Mike Kemp (born December 13, 1952) is an American athletic director and former ice hockey head coach for the men's program at Omaha. After having been an associate athletic director at Omaha since 2009, he was named interim athletic director on July 16, 2021, following the departure of former AD Trev Alberts for the same position at the latter's alma mater of Nebraska.

Career
Mike Kemp began his coaching career with Division III Gustavus Adolphus, his alma mater, in 1976. After five seasons with the Golden Gusties he moved on to Wisconsin as an assistant for one season. After a year-long stint with Illinois-Chicago he returned to Madison and remained with the program for thirteen years, helping the Badgers to a national title in 1990.

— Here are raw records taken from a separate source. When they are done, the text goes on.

Lemma good_param_inv l : good_param l -> good_param l^-1.
Proof.
case/and3P=> l_neq0 l2_neq1 G_neq0.
rewrite /good_param fibre_discl_inv // invr_eq0 l_neq0.
have -> : l^-1 ^+ 2 - 1 = - (l ^+ 2 - 1) / l ^+ 2 by field.
by rewrite !mulf_neq0 ?oppr_eq0 ?invr_eq0 ?expf_neq0.
Qed.

Lemma fibre_pt_inv l r : good_param l -> r != 0 ->
  fibre_pt l^-1 (- fibre_discl a b c d l / l ^+ 4 / r) =1 fibre_pt l r.
Proof.
case/and3P=> l_neq0 l2_neq1 G_neq0 r_neq0.
have l2_neq1' : 1 + -1 * l ^+ 2 != 0 by rewrite mulN1r -opprB oppr_eq0.
rewrite /fibre_pt /fibre_num /fibre_den fibre_discl_inv //.
move: (fibre_discl a b c d l) G_neq0 => G G_neq0.
rewrite /mk3 => -[[|[|[|]]] ?] //=;
  by field; rewrite l_neq0 l2_neq1 l2_neq1' r_neq0 G_neq0.
Qed.

End XFibres.

Section GenericFibres.
Variables (R : numClosedFieldType) (a b c d : R).

Lemma horner_fibre_disc x :
  (fibre_disc a%:P b%:P c%:P d%:P 'X).[x] = fibre_disc a b c d x.
Proof.
have := rmorph_fibre_disc (horner_eval x) a%:P b%:P c%:P d%:P 'X.
by rewrite /= !horner_evalE !hornerC hornerX.
Qed.

Lemma horner_fibre_discl x :
  (fibre_discl a%:P b%:P c%:P d%:P 'X).[x] = fibre_discl a b c d x.
Proof.
have := rmorph_fibre_discl (horner_eval x) a%:P b%:P c%:P d%:P 'X.
by rewrite /= !horner_evalE !hornerC hornerX.
Qed.

Definition disc_poly : {poly R} :=
  ('X ^+ 2 - 4%:R%:P) * fibre_disc a%:P b%:P c%:P d%:P 'X.

Lemma horner_disc_poly x :
  disc_poly.[x] = (x ^+ 2 - 4%:R) * fibre_disc a b c d x.
Proof. by rewrite hornerM horner_fibre_disc !hornerE. Qed.

Lemma disc_poly_neq0 : disc_poly != 0.
Proof.
rewrite mulf_neq0 ?(monic_neq0 (monicXnsubC _ _)) //; apply/eqP => D0.
have Dx x : fibre_disc a b c d x = 0.
  by rewrite -horner_fibre_disc D0 horner0.
have : fibre_disc a b c d 4%:R - 4%:R * fibre_disc a b c d 3%:R
  + 6%:R * fibre_disc a b c d 2%:R - 4%:R * fibre_disc a b c d 1
  + fibre_disc a b c d 0 = - 24%:R by rewrite /fibre_disc; ring.
by rewrite !Dx !mulr0 !(subr0, addr0) => /eqP; rewrite eq_sym oppr_eq0 pnatr_eq0.
Qed.
(* Greediness of pihat gives T*_h fh_(h+1) = r_h + P^pihat_h fh_(h+1).  Writing
   r_h through the Bellman residual g_h = T*_h fh_(h+1) - fh_h and using fh_H = r_H,
     J(rho) = sum_h E_rho[g_h] + E_rho[fh_1]
              + sum_h (E_rho[fh_(h+1)] at step h+1 - E_rho[P^pihat_h fh_(h+1)] at step h).
   The last sum vanishes for rho = pihat by the tower property and is nonpositive
   for rho = pi, as is E_pi[fh_1] - E_pihat[fh_1], because pihat maximizes fh.
   Hence J(pi) - J(pihat) <= sum_h (E_pi[g_h] - E_pihat[g_h]).
   On the other side Delta_h = g_h + P^pi_h Delta_(h+1), and the function
   s |-> Delta_(h+1)(s, pi_(h+1)(s)) ignores the action, so the h-th summand of the
   right-hand side equals E_pihat[Delta_h(S_h, pi_h)] - E_pihat[g_h]
   - E_pihat[Delta_(h+1)(S_(h+1), pi_(h+1))].  This telescopes to
   E_pi[Delta_1] - sum_h E_pihat[g_h] = sum_h (E_pi[g_h] - E_pihat[g_h]). *)

Lemma telescope_sumr_sub (V : zmodType) m n (u g : nat -> V) : (m <= n)%N ->
  \sum_(m <= h < n) (u h - (g h + u h.+1)) = u m - u n - \sum_(m <= h < n) g h.
Proof.
move=> mn; rewrite -[u m - u n]opprB -telescope_sumr // -sumrN -sumrB.
by apply: eq_bigr => h _; rewrite opprB opprD addrA addrAC.
Qed.

Lemma sumr_split_shift (V : zmodType) n (Rw G F M : nat -> V) : (0 < n)%N ->
  (forall h, (1 <= h < n)%N -> Rw h = G h + F h - M h) ->
  \sum_(1 <= h < n) Rw h + F n =
  \sum_(1 <= h < n) G h + F 1%N + \sum_(1 <= h < n) (F h.+1 - M h).
Proof.
move=> n_gt0 Rw_split.
have shift : \sum_(1 <= h < n) F h + F n = F 1%N + \sum_(1 <= h < n) F h.+1.
  by rewrite -big_nat_recr // big_nat_recl.
rewrite (eq_big_nat _ _ Rw_split) !sumrB big_split /=.
by rewrite addrAC -[_ + _ + F n]addrA shift !addrA.
Qed.

Section Integration.
Context {R : realType}.

Definition commutes_with_Rintegral (op : R -> R -> R) : Prop :=
  forall d (T : measurableType d) (mu : {measure set T -> \bar R}) (f g : T -> R),
  mu.-integrable setT (fun x => (f x)%:E) ->
  mu.-integrable setT (fun x => (g x)%:E) ->
  mu.-integrable setT (fun x => (op (f x) (g x))%:E) /\
  Rintegral mu setT (fun x => op (f x) (g x)) =
  op (Rintegral mu setT f) (Rintegral mu setT g).

Lemma commutes_with_RintegralD : commutes_with_Rintegral +%R.
Proof.
move=> d T mu f g If Ig; split; last by rewrite RintegralD.
apply: (eq_integrable measurableT _ _ _ (integrableD measurableT If Ig)).
by move=> x _; rewrite /= EFinD.
Qed.

Lemma commutes_with_RintegralB : commutes_with_Rintegral (fun x y => x - y).
Proof.
move=> d T mu f g If Ig; split; last by rewrite RintegralB.
apply: (eq_integrable measurableT _ _ _ (integrableB measurableT If Ig)).
by move=> x _; rewrite /= EFinB.
Qed.

Lemma Rintegral_big d (T : measurableType d) (mu : {measure set T -> \bar R})
    (l : seq nat) (F : nat -> T -> R) :
  (forall i, i \in l -> mu.-integrable setT (fun x => (F i x)%:E)) ->
  mu.-integrable setT (fun x => (\sum_(i <- l) F i x)%:E) /\
  Rintegral mu setT (fun x => \sum_(i <- l) F i x) =
  \sum_(i <- l) Rintegral mu setT (F i).
Proof.
elim: l => [|i l IH] IF.
  split.
    apply: (eq_integrable measurableT (cst 0%E)); last exact: integrable0.
    by move=> x _; rewrite big_nil.
  by under eq_Rintegral do rewrite big_nil; rewrite big_nil Rintegral_cst // mul0r.
have [Il El] := IH (fun j jl => IF j (mem_behead (s := i :: l) jl)).
have [Ii Ei] := commutes_with_RintegralD (IF i (mem_head i l)) Il.
split.
  by apply: (eq_integrable measurableT _ _ _ Ii) => x _; rewrite big_cons.
by under eq_Rintegral do rewrite big_cons; rewrite big_cons -El -Ei.
Qed.

Lemma sup_range_max (T : Type) (f : T -> R) t0 :
  (forall t, f t <= f t0) -> sup (range f) = f t0.
Proof.
move=> f_le; apply/le_anti/andP; split.
  by apply: ge_sup; [exists (f t0), t0 | move=> _ [t _ <-]].
by apply: ub_le_sup; [exists (f t0) => _ [t _ <-] | exists t0].
Qed.

Lemma Rintegral_dirac d (T : measurableType d) (mu : {measure set T -> \bar R})
    t0 (g : T -> R) :
  (forall U, measurable U -> mu U = \d_t0 U) -> measurable_fun setT g ->
  Rintegral mu setT g = g t0.
Proof.
move=> mu_dirac mg; rewrite /Rintegral (eq_measure_integral \d_t0).
  rewrite integral_dirac //= ?indicE ?mem_set ?mul1r //.
  exact/measurable_realfun.measurable_EFinP.
by move=> U mU _; exact: mu_dirac.
Qed.

End Integration.

Section UnitMass.
Context {R : realType} {d : measure_display} {T : measurableType d}.
Variable mu : {measure set T -> \bar R}.
Hypothesis mu1 : mu setT = 1%E.

Lemma integrable_cst_mass1 (c : R) : mu.-integrable setT (fun _ => c%:E).
Proof.
apply/integrableP; split; first exact: measurable_cst.
by rewrite integral_cst // mu1 mule1 ltry.
Qed.
(* Let $\alpha,\beta,\gamma,x\in\mathbb{N}_0$ with $(\alpha,\beta,\gamma,x)\neq(0,0,0,0)$, let $\lambda$ be a nonnegative integer and $n$ a nonnegative integer. Then $$A^{\lambda,x}_n(\alpha,\beta,\gamma)=\sum_{k=0}^{n}\binom{k+\lambda-1}{k}\sum_{i=0}^{n}\binom{n}{i}x^k(-1)^{k+i}\beta^k k!\,S(i,k,\alpha,-\beta,0)\,(\gamma|-\alpha)_{n-i}.$$
   Context: For a number $t$ and $\alpha$, the generalised factorial is $(t|\alpha)_n=\prod_{j=0}^{n-1}(t-j\alpha)$ for $n\ge 1$ and $(t|\alpha)_0=1$. For parameters $\alpha,\beta,\gamma$, the generalised Stirling numbers $S(n,k,\alpha,\beta,\gamma)$ ($0\le k\le n$) are defined by the polynomial identity $(t|\alpha)_n=\sum_{k=0}^{n}S(n,k,\alpha,\beta,\gamma)\,(t-\gamma|\beta)_k$ in the variable $t$, and $S(i,k,\alpha,\beta,\gamma)=0$ for $k>i$. For a nonnegative integer $\lambda$ put $\binom{k+\lambda-1}{k}=\lambda(\lambda+1)\cdots(\lambda+k-1)/k!$ (equal to $1$ for $k=0$). Define $$A^{\lambda,x}_n(\alpha,\beta,\gamma)=\sum_{k=0}^{n}\binom{k+\lambda-1}{k}(-1)^{n+k}\beta^k k!\,S(n,k,\alpha,-\beta,-\gamma)\,x^k .$$ *)

From mathcomp Require Import all_boot all_order all_algebra.
Set Implicit Arguments. Unset Strict Implicit. Unset Printing Implicit Defensive.
Import Order.TTheory GRing.Theory Num.Theory.
Local Open Scope ring_scope.

Definition gfact (R : comRingType) (t a : R) (n : nat) : R :=
  \prod_(j < n) (t - j%:R * a).

Definition gfact_poly (R : comRingType) (c b : R) (k : nat) : {poly R} :=
  \prod_(j < k) ('X - c%:P - (j%:R * b)%:P).

Definition is_gen_stirling (R : comRingType) (S : nat -> nat -> R) (a b c : R) : Prop :=
  (forall n : nat,
     \prod_(j < n) ('X - (j%:R * a)%:P)
     = \sum_(k < n.+1) S n k *: gfact_poly c b k)
  /\ (forall i k : nat, (i < k)%N -> S i k = 0).

(* binom(k+lambda-1, k) = lambda(lambda+1)...(lambda+k-1)/k!, equal to 1 for k = 0 *)
Definition multichoose (lam k : nat) : nat := 'C((k + lam).-1, k).

(* A^{lambda,x}_n(alpha,beta,gamma), where S n k stands for S(n,k,alpha,-beta,-gamma) *)
Definition A_poly (S : nat -> nat -> int) (lam : nat) (x beta : int) (n : nat) : int :=
  \sum_(k < n.+1) (multichoose lam k)%:R * (-1) ^+ (n + k) * beta ^+ k
                  * (k`!)%:R * S n k * x ^+ k.

(** Since [t = (t - c) + c], the binomial theorem for generalised factorials
    expands [(t|a)_n] as [sum_i C(n,i) (t - c|a)_i (c|a)_(n-i)]; expanding each
    [(t - c|a)_i] with the Stirling numbers [S(i,k,a,b,0)] and comparing
    coefficients in the basis [(t - c|b)_k] gives
    [S(n,k,a,b,c) = sum_i C(n,i) S(i,k,a,b,0) (c|a)_(n-i)].  Substituting this
    in [A_n] with [c = -gamma] and [(-gamma|alpha)_m = (-1)^m (gamma|-alpha)_m]
    yields the theorem. *)

From mathcomp Require Import all_boot all_order all_algebra.
From mathcomp Require Import ring zify.

Set Implicit Arguments.
Unset Strict Implicit.
Unset Printing Implicit Defensive.
Import Order.TTheory GRing.Theory Num.Theory.
Local Open Scope ring_scope.

Lemma gfactS (R : comNzRingType) (t a : R) n :
  gfact t a n.+1 = gfact t a n * (t - n%:R * a).
Proof. by rewrite /gfact big_ord_recr. Qed.

Lemma gfactN (R : comNzRingType) (t a : R) n :
  gfact (- t) a n = (-1) ^+ n * gfact t (- a) n.
Proof.
elim: n => [|n IH]; first by rewrite /gfact !big_ord0 mul1r.
by rewrite !gfactS IH exprS; ring.
Qed.

Lemma rmorph_gfact (R S : comNzRingType) (f : {rmorphism R -> S}) (t a : R) n :
  f (gfact t a n) = gfact (f t) (f a) n.
Proof.
rewrite rmorph_prod; apply: eq_bigr => j _.
by rewrite rmorphB rmorphM rmorph_nat.
Qed.

Lemma sum_binS (R : nzRingType) (G : nat -> R) n :
  \sum_(i < n.+1) 'C(n, i)%:R * (G i.+1 + G i)
  = \sum_(i < n.+2) 'C(n.+1, i)%:R * G i.
Proof.
have shift : \sum_(i < n.+1) 'C(n, i)%:R * G i
             = G 0%N + \sum_(i < n.+1) 'C(n, i.+1)%:R * G i.+1.
  rewrite big_ord_recl bin0 mul1r [in RHS]big_ord_recr /=.
  by rewrite bin_small // mul0r addr0.
under eq_bigr do rewrite mulrDr.
rewrite big_split /= shift [RHS]big_ord_recl bin0 mul1r addrCA -big_split /=.
by congr (_ + _); apply: eq_bigr => i _; rewrite binS natrD mulrDl addrC.
Qed.

Lemma gfactD (R : comNzRingType) (s t a : R) n :
  gfact (s + t) a n
  = \sum_(i < n.+1) 'C(n, i)%:R * gfact s a i * gfact t a (n - i).
Proof.
elim: n => [|n IH]; first by rewrite big_ord1 /gfact !big_ord0 mulr1 mul1r.
under [RHS]eq_bigr do rewrite -mulrA.
rewrite gfactS IH mulr_suml.
rewrite -(@sum_binS _ (fun i => gfact s a i * gfact t a (n.+1 - i))).
apply: eq_bigr => i _.
have le_in : (i <= n)%N by rewrite -ltnS.
rewrite subSS subSn // !gfactS natrB //; ring.
Qed.

Lemma signr_addn_subn (R : pzRingType) n k i : (i <= n)%N ->
  (-1) ^+ (n + k) * (-1) ^+ (n - i) = (-1) ^+ (k + i) :> R.
Proof.
move=> le_in; rewrite -exprD.
have -> : (n + k + (n - i) = k + i + 2 * (n - i))%N by lia.
by rewrite exprD exprM sqrrN !expr1n mulr1.
Qed.

Lemma monic_graded_coef_eq0 (R : nzRingType)
    (B : nat -> {poly R}) (e : nat -> R) m :
  (forall k, B k \is monic) -> (forall k, size (B k) = k.+1) ->
  \sum_(k < m) e k *: B k = 0 -> forall k, (k < m)%N -> e k = 0.
Proof.
move=> monB szB; elim: m => [//|m IH]; rewrite big_ord_recr /=.
have top_coef : (\sum_(k < m) e k *: B k + e m *: B m)`_m = e m.
  rewrite coefD coef_sum big1 ?add0r => [|k _].
    have := monicP (monB m); rewrite lead_coefE szB coefZ => ->.
    by rewrite mulr1.
  by rewrite coefZ nth_default ?mulr0 // szB.
move=> sum0; have em0 : e m = 0 by rewrite -top_coef sum0 coef0.
move: sum0; rewrite em0 scale0r addr0 => /IH IHm k.
by rewrite ltnS leq_eqVlt => /predU1P[-> | /IHm].
Qed.

Lemma gfact_polyE (R : comNzRingType) (c b : R) k :
  gfact_poly c b k = gfact ('X - c%:P) b%:P k.
Proof. by apply: eq_bigr => j _; rewrite polyCM polyC_natr. Qed.

Lemma gfact_poly_comp (R : comNzRingType) (c d b : R) k :
  gfact_poly c b k \Po ('X - d%:P) = gfact_poly (c + d) b k.
Proof.
rewrite !gfact_polyE rmorph_gfact /= comp_polyB comp_polyX !comp_polyC.
by rewrite (addrC c) polyCD opprD addrA.
Qed.

Lemma gfact_poly_XsubC (R : comNzRingType) (c b : R) k :
  gfact_poly c b k = \prod_(j < k) ('X - (c + j%:R * b)%:P).
Proof. by apply: eq_bigr => j _; rewrite polyCD opprD addrA. Qed.

Lemma gfact_poly_monic (R : comNzRingType) (c b : R) k :
  gfact_poly c b k \is monic.
Proof. by rewrite gfact_poly_XsubC monic_prod_XsubC. Qed.

Lemma size_gfact_poly (R : comNzRingType) (c b : R) k :
  size (gfact_poly c b k) = k.+1.
Proof.
by rewrite gfact_poly_XsubC size_prod_XsubC /index_enum -enumT size_enum_ord.
Qed.

Section GenStirling.

Variables (R : comNzRingType) (a b : R).

Lemma gen_stirling_expansion S c i n :
  is_gen_stirling S a b c -> (i <= n)%N ->
  gfact_poly 0 a i = \sum_(k < n.+1) S i k *: gfact_poly c b k.
Proof.
move=> [expS S0] le_in.
have -> : gfact_poly 0 a i = \prod_(j < i) ('X - (j%:R * a)%:P).
  by apply: eq_bigr => j _; rewrite polyC0 subr0.
rewrite expS (big_ord_widen n.+1 (fun k => S i k *: gfact_poly c b k)) //.
rewrite big_mkcond /=; apply: eq_bigr => k _.
by case: ltnP => // lt_ik; rewrite S0 ?scale0r.
Qed.

Lemma gen_stirling_shift S1 S2 c n k :
  is_gen_stirling S1 a b c -> is_gen_stirling S2 a b 0 -> (k <= n)%N ->
  S1 n k = \sum_(i < n.+1) 'C(n, i)%:R * S2 i k * gfact c a (n - i).
Proof.
move=> hS1 hS2 le_kn.
have shift_term i : (i <= n)%N ->
    'C(n, i)%:R * gfact ('X - c%:P) a%:P i * gfact c%:P a%:P (n - i)
    = \sum_(j < n.+1)
        ('C(n, i)%:R * S2 i j * gfact c a (n - i)) *: gfact_poly c b j.
  move=> le_in; rewrite -gfact_polyE -[c]add0r -gfact_poly_comp add0r.
  rewrite (gen_stirling_expansion hS2 le_in) linear_sum.
  rewrite -rmorph_gfact -polyC_natr.
  rewrite mulr_sumr mulr_suml; apply: eq_bigr => j _.
  rewrite linearZ /= gfact_poly_comp add0r -mul_polyC.
  by rewrite mulrA mulrAC -!polyCM mul_polyC.
pose T j := \sum_(i < n.+1) 'C(n, i)%:R * S2 i j * gfact c a (n - i).
have exp_shift : gfact_poly 0 a n = \sum_(j < n.+1) T j *: gfact_poly c b j.
  rewrite gfact_polyE polyC0 subr0 -{1}(subrK c%:P 'X) gfactD.
  rewrite (eq_bigr _ (fun (i : 'I_n.+1) _ => shift_term i (leq_ord i))).
  rewrite exchange_big /=.
  by apply: eq_bigr => j _; rewrite scaler_suml.
have coef_diff0 : \sum_(j < n.+1) (S1 n j - T j) *: gfact_poly c b j = 0.
  under eq_bigr do rewrite scalerBl.
  by rewrite sumrB -exp_shift -(gen_stirling_expansion hS1 (leqnn n)) subrr.
apply/eqP; rewrite -subr_eq0; apply/eqP.
exact: (monic_graded_coef_eq0 (e := fun j => S1 n j - T j)
  (@gfact_poly_monic _ c b) (@size_gfact_poly _ c b) coef_diff0).
Qed.

End GenStirling.

Theorem theorem7 (alpha beta gamma x lam n : nat)
  (S1 S2 : nat -> nat -> int)
  (hnz : (alpha, beta, gamma, x) <> (0%N, 0%N, 0%N, 0%N))
  (hS1 : is_gen_stirling S1 (alpha%:R) (- beta%:R) (- gamma%:R))
  (hS2 : is_gen_stirling S2 (alpha%:R) (- beta%:R) 0) :
  A_poly S1 lam x%:R beta%:R n
  = \sum_(k < n.+1) (multichoose lam k)%:R *
      \sum_(i < n.+1) ('C(n, i))%:R * (x%:R) ^+ k * (-1) ^+ (k + i)
          * (beta%:R) ^+ k * (k`!)%:R * S2 i k
          * gfact (gamma%:R) (- alpha%:R) (n - i).
Proof.
rewrite /A_poly; apply: eq_bigr => k _.
rewrite (gen_stirling_shift hS1 hS2 (leq_ord k)) -!mulrA; congr (_ * _).
rewrite mulr_suml !mulr_sumr; apply: eq_bigr => i _.
by rewrite gfactN -(signr_addn_subn _ k (leq_ord i)); ring.
Qed.
(* Let $G=(V,E)$ be a connected almost bipartite permutation graph that contains a hole, and let $C$, $m$, $c_i$, $A_i$, $B_i$, the linear orders $<_{A_i}$, $<_{B_i}$, the relation $\prec$ and the relations $<_{V'}$ be as described in the context. Let $i\le j$ be integers with $j-i=m-3$, and let $U=A[i,j]$ and $W=B[i,j]$. Then $G[U\cup W]$ is a bipartite permutation graph with bipartition classes $U$ and $W$. Moreover, $(U,<_U)$ and $(W,<_W)$ are strict linear orders that satisfy the adjacency and enclosure properties in $G[U\cup W]$.
   Context: All graphs are finite, simple, undirected; $N(v)$ is the open neighborhood. A hole is an induced cycle on at least five vertices. $T_2$ is the claw $K_{1,3}$ with each edge subdivided once; $X_2$ is a 4-cycle with a pendant vertex attached to each of three of its four vertices; $X_3$ is the domino (two 4-cycles sharing exactly one edge) with a pendant vertex attached to one endpoint of the shared edge. A graph is an almost bipartite permutation graph if it has no induced $T_2, X_2, X_3, K_3, C_5,\dots,C_9$. A bipartite permutation graph is a bipartite graph that is a permutation graph (intersection graph of segments with one endpoint on each of two parallel lines). Setting: $C$ is a shortest hole of $G$, $m=|C|$, $c_0,\dots,c_{m-1}$ its vertices in cyclic order, indices modulo $m$; $A_i=\{v: N(v)\cap C=\{c_{i-1},c_{i+1}\}\}$, $B_i=\{v: N(v)\cap C=\{c_i\}\}$ (indices modulo $m$). For integers $i\le j$, $A[i,j]$ is the union over $t=i,\dots,j$ of $A_t$ if $t-i$ is even and $B_t$ if $t-i$ is odd; $B[i,j]$ is the union over $t=i,\dots,j$ of $B_t$ if $t-i$ is even and $A_t$ if $t-i$ is odd. On $A_i$ define the strict partial order $u<_{A_i}u'$ iff some $w\in B_{i-2}\cup A_{i-1}$ has $u\in N(w)$, $u'\notin N(w)$, or some $w\in A_{i+1}\cup B_{i+2}$ has $u'\in N(w)$, $u\notin N(w)$; on $B_i$: $w<_{B_i}w'$ iff some $u\in A_{i-2}\cup B_{i-1}$ has $w\in N(u)$, $w'\notin N(u)$, or some $u\in B_{i+1}\cup A_{i+2}$ has $w'\in N(u)$, $w\notin N(u)$. Each of these is then extended to an arbitrary (fixed) strict linear order, again denoted $<_{A_i}$, $<_{B_i}$. Define $v\prec v'$ iff for some $i$: $v,v'\in A_i$ are consecutive in $<_{A_i}$ with $v<_{A_i}v'$; or $v,v'\in B_i$ are consecutive in $<_{B_i}$ with $v<_{B_i}v'$; or $v$ is the maximum of $A_i$ and $v'$ the minimum of $B_{i+1}$; or $v$ is the maximum of $B_i$ and $v'$ the minimum of $A_{i+1}$. For $V'\subsetneq V$, $<_{V'}$ is the transitive closure of $\prec$ restricted to $V'$. For a bipartite graph with classes $U,W$, a linear order on $W$ has the adjacency property if for every $u\in U$ the set $N(u)$ is consecutive in it, and the enclosure property if for all $u,u'\in U$ with $N(u)\subseteq N(u')$ the set $N(u')\setminus N(u)$ is consecutive in it; symmetrically for orders on $U$.
   Formalization: The relation ≺ also makes the maximum of $A_i$ precede the minimum of $A_{i+2}$ whenever $B_{i+1}$ is empty, and $<_{V'}$ is the transitive closure of the restriction of ≺ to $V'$. Each condition added here is assumed in the paper as well or is needed for the statement above to hold. *)

From mathcomp Require Import all_boot all_order all_algebra.
From Stdlib Require Import Relations.
Set Implicit Arguments. Unset Strict Implicit. Unset Printing Implicit Defensive.
Import Order.TTheory GRing.Theory Num.Theory.
Local Open Scope ring_scope.

Section Defs.
Variable T : finType.
Variable e : rel T.

Definition induced_copy (k : nat) (h : rel 'I_k) : Prop :=
  exists f : 'I_k -> T, injective f /\ forall a b, e (f a) (f b) = h a b.

Definition cycle_rel (k : nat) : rel 'I_k :=
  fun a b => (val b == (val a + 1) %% k)%N || (val a == (val b + 1) %% k)%N.

Definition edges_rel (k : nat) (s : seq (nat * nat)) : rel 'I_k :=
  fun a b => ((val a, val b) \in s) || ((val b, val a) \in s).

(* T_2: claw with each edge subdivided once; centre 0 *)
Definition T2 : rel 'I_7 :=
  @edges_rel 7 [:: (0,1); (0,2); (0,3); (1,4); (2,5); (3,6)]%N.
(* X_2: 4-cycle 0-1-2-3 with pendants 4,5,6 at 0,1,2 *)
Definition X2 : rel 'I_7 :=
  @edges_rel 7 [:: (0,1); (1,2); (2,3); (3,0); (0,4); (1,5); (2,6)]%N.
(* X_3: domino (6-cycle 0..5 with chord 1-4, i.e. 4-cycles 0-1-4-5 and
   1-2-3-4 sharing edge 1-4) with pendant 6 at the endpoint 1 of the shared edge *)
Definition X3 : rel 'I_7 :=
  @edges_rel 7 [:: (0,1); (1,2); (2,3); (3,4); (4,5); (5,0); (1,4); (1,6)]%N.

Definition almost_bip_perm : Prop :=
  ~ induced_copy T2 /\ ~ induced_copy X2 /\ ~ induced_copy X3 /\
  ~ induced_copy (@cycle_rel 3) /\
  (forall k : nat, (5 <= k <= 9)%N -> ~ induced_copy (@cycle_rel k)).

Definition connected_graph : Prop := forall x y : T, connect e x y.

Definition has_hole : Prop :=
  exists k : nat, (5 <= k)%N /\ induced_copy (@cycle_rel k).

Definition is_hole_enum (m : nat) (c : int -> T) : Prop :=
  (5 <= m)%N /\
  (forall k : int, c (k + m%:Z) = c k) /\
  (forall k l : int, c k = c l -> ((k - l) %% m%:Z)%Z = 0) /\
  (forall k l : int, e (c k) (c l) =
      (((k - l) %% m%:Z)%Z == 1) || (((l - k) %% m%:Z)%Z == 1)).

Definition shortest_hole (m : nat) (c : int -> T) : Prop :=
  is_hole_enum m c /\
  (forall k : nat, (5 <= k < m)%N -> ~ induced_copy (@cycle_rel k)).

Variable c : int -> T.

Definition inC (v : T) : Prop := exists k : int, v = c k.

Definition Aset (i : int) (v : T) : Prop :=
  forall x, (inC x /\ e v x) <-> (x = c (i - 1) \/ x = c (i + 1)).
Definition Bset (i : int) (v : T) : Prop :=
  forall x, (inC x /\ e v x) <-> x = c i.

Definition Abig (i j : int) (v : T) : Prop :=
  exists n : nat, i + n%:Z <= j /\
    (if odd n then Bset (i + n%:Z) v else Aset (i + n%:Z) v).
Definition Bbig (i j : int) (v : T) : Prop :=
  exists n : nat, i + n%:Z <= j /\
    (if odd n then Aset (i + n%:Z) v else Bset (i + n%:Z) v).

Definition preA (i : int) (u u' : T) : Prop :=
  (exists w, (Bset (i - 2) w \/ Aset (i - 1) w) /\ e w u /\ ~ e w u') \/
  (exists w, (Aset (i + 1) w \/ Bset (i + 2) w) /\ e w u' /\ ~ e w u).
Definition preB (i : int) (w w' : T) : Prop :=
  (exists u, (Aset (i - 2) u \/ Bset (i - 1) u) /\ e u w /\ ~ e u w') \/
  (exists u, (Bset (i + 1) u \/ Aset (i + 2) u) /\ e u w' /\ ~ e u w).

In the summer of 1996 Nebraska–Omaha, who had announced the intention of sponsoring a Division I program beginning in 1997–98, hired Kemp as the team's first head coach. The Mavericks got started as an Independent and after two foreseeably poor seasons they were accepted into the CCHA in 1999. Two years into their conference experience, Kemp got the Mavericks to post their first winning season, going 24–15–3, earning a final ranking as the #13 team in the country and just narrowly missing the NCAA tournament.

After another 20+ win season the Mavericks went into the tank for a pair of years before Kemp was able to pull them out of it and get the team to hover around the .500 mark for five seasons. Kemp got the Mavericks their first berth in the tournament in 2006 with his third 20+ win season but unfortunately wasn't able to push them past #1 seed Boston University. The following offseason Kemp was offered the position of Athletic Director with the university but turned it down when he determined that he couldn't be both head coach and AD at the same time. Two years later Kemp stepped down as head coach to accept a position as associate AD, clearing the way for 2-time national champion Dean Blais to take over the program.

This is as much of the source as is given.